• **EXERCISE REQUIREMENTS**
Below are the records; pull every line that includes "elim".

• **AVAILABLE DATA**
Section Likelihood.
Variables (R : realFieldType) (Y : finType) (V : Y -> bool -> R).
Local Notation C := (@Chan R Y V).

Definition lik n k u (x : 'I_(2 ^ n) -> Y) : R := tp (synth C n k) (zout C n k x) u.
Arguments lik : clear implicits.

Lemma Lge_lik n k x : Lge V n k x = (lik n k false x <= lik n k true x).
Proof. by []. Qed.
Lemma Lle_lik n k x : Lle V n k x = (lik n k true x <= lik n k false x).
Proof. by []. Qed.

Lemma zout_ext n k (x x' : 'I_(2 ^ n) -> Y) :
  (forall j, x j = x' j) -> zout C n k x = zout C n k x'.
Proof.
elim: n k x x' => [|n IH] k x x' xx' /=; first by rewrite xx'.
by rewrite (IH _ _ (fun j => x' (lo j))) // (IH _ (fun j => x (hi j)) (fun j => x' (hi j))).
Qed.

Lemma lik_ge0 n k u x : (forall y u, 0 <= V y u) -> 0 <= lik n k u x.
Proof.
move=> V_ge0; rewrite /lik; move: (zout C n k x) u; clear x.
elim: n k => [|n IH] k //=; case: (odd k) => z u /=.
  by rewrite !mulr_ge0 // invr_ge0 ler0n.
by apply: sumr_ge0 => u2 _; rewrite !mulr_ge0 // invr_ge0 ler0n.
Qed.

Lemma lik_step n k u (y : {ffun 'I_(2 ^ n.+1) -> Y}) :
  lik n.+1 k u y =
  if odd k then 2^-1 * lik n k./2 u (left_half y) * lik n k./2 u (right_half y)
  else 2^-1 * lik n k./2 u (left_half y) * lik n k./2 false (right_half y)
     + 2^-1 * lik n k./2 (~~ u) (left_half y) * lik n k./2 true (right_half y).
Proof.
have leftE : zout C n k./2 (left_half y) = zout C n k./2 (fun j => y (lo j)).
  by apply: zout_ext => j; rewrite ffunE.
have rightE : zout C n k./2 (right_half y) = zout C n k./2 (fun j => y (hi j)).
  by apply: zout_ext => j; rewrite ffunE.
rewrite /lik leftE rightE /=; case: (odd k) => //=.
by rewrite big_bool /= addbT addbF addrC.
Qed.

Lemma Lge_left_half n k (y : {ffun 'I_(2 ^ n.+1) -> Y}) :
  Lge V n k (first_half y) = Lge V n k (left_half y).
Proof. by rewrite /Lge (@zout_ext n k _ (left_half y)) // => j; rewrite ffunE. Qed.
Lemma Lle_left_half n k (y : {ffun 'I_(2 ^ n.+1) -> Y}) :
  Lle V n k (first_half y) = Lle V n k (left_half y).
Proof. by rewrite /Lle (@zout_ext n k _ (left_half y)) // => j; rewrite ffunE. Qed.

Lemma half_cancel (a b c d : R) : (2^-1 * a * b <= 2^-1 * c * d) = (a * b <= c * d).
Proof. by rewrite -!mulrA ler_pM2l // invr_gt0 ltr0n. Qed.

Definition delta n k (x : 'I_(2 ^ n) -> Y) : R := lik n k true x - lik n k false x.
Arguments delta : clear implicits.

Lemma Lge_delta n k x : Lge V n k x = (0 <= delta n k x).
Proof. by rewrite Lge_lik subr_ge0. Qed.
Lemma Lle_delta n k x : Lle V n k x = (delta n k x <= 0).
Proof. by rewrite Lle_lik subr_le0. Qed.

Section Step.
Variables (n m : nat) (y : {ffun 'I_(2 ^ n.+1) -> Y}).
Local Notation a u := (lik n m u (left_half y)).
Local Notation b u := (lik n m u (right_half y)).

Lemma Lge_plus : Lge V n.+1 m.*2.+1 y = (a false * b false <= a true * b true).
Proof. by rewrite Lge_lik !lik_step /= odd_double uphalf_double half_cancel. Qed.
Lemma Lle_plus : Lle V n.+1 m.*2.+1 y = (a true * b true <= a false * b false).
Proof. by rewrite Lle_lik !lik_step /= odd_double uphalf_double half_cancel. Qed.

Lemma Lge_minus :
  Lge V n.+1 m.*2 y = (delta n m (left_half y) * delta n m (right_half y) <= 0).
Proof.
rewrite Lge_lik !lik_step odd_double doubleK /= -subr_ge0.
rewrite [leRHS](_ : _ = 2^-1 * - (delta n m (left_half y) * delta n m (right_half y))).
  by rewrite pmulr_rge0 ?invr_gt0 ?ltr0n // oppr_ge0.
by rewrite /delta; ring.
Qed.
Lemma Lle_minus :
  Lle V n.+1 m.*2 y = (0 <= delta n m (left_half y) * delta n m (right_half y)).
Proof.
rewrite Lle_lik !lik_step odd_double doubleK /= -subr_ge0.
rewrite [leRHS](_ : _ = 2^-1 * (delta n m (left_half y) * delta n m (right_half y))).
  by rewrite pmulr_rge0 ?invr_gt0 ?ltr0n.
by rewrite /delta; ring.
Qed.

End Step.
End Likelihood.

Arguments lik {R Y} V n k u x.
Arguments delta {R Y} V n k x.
...
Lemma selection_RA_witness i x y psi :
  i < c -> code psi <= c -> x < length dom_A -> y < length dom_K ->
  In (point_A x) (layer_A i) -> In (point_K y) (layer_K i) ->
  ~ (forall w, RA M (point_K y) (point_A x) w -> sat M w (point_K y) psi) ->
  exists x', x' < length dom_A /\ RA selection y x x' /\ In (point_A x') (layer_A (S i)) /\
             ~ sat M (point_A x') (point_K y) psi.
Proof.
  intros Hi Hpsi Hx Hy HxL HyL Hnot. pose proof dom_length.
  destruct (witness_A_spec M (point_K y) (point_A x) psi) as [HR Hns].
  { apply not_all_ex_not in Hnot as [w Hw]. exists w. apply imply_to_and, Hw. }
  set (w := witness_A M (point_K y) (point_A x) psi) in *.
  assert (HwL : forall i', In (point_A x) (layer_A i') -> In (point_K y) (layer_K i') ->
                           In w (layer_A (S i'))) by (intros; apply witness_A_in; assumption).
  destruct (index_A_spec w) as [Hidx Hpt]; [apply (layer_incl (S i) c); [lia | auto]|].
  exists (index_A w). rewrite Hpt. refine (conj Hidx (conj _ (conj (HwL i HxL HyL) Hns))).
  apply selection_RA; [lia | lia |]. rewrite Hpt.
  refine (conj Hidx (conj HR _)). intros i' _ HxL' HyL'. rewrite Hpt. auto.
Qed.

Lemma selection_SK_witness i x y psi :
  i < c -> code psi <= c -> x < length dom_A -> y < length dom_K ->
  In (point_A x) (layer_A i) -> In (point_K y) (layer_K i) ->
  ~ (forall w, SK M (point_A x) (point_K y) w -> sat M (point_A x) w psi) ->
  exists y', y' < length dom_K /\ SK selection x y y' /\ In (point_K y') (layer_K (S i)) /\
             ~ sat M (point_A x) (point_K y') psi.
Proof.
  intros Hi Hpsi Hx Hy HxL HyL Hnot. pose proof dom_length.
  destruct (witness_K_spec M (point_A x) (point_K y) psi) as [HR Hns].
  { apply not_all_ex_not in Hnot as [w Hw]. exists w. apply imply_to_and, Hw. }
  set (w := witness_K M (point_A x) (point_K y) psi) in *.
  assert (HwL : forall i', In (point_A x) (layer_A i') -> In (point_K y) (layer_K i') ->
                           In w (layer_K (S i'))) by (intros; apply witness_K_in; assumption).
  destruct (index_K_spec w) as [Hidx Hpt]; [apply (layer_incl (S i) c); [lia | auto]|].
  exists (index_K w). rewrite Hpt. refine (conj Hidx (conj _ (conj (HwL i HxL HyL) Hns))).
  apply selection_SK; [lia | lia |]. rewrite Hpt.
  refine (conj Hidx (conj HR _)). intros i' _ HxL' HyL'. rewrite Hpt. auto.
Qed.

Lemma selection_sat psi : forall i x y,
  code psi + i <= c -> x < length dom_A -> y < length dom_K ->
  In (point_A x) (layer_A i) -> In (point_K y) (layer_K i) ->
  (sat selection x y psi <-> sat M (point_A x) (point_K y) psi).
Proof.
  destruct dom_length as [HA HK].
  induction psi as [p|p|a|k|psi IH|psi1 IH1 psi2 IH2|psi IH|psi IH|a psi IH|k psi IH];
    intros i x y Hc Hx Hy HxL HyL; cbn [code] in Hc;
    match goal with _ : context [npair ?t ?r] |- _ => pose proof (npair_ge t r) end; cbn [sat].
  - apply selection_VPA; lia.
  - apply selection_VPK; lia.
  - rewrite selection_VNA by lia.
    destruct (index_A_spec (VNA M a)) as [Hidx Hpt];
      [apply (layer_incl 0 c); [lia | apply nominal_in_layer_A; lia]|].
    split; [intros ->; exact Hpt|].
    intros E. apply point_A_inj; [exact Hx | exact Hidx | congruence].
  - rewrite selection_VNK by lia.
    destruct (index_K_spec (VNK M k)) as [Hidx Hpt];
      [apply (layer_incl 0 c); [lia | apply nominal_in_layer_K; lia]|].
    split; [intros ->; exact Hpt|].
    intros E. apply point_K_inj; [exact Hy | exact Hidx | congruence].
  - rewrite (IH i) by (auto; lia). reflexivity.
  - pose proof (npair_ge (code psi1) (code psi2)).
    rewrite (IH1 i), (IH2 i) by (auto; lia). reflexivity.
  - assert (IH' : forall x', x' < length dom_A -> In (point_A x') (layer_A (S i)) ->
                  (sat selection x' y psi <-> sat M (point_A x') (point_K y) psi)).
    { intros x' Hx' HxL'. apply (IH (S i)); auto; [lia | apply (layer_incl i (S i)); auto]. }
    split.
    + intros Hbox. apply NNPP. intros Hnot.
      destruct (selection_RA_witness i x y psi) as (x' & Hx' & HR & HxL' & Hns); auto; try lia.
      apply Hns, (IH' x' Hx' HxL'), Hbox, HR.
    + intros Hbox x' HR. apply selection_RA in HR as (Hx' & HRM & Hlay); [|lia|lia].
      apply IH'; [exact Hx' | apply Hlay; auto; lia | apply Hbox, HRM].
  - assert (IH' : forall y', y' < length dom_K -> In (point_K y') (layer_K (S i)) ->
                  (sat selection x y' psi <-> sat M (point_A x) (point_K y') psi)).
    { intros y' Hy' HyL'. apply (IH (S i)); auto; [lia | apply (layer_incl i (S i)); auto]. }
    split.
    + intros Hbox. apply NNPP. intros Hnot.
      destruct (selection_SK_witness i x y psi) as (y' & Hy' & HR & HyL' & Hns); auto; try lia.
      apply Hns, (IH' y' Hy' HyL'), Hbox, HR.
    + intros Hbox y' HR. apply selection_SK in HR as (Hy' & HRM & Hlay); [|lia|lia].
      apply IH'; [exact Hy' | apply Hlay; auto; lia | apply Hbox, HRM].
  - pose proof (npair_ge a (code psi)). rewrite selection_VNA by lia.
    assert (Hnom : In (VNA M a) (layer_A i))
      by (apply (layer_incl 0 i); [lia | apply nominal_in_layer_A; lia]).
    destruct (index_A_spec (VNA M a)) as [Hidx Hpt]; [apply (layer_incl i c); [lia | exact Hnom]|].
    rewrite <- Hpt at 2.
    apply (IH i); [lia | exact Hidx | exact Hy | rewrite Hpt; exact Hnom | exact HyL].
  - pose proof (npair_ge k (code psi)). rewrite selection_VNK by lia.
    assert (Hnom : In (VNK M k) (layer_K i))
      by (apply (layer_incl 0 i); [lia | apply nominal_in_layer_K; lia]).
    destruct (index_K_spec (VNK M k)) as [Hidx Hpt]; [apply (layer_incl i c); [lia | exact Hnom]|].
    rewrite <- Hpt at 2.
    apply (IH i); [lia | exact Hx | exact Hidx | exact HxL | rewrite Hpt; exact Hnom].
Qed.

• **FINISHED TASK**
elim: n k x x' => [|n IH] k x x' xx' /=; first by rewrite xx'.
elim: n k => [|n IH] k //=; case: (odd k) => z u /=.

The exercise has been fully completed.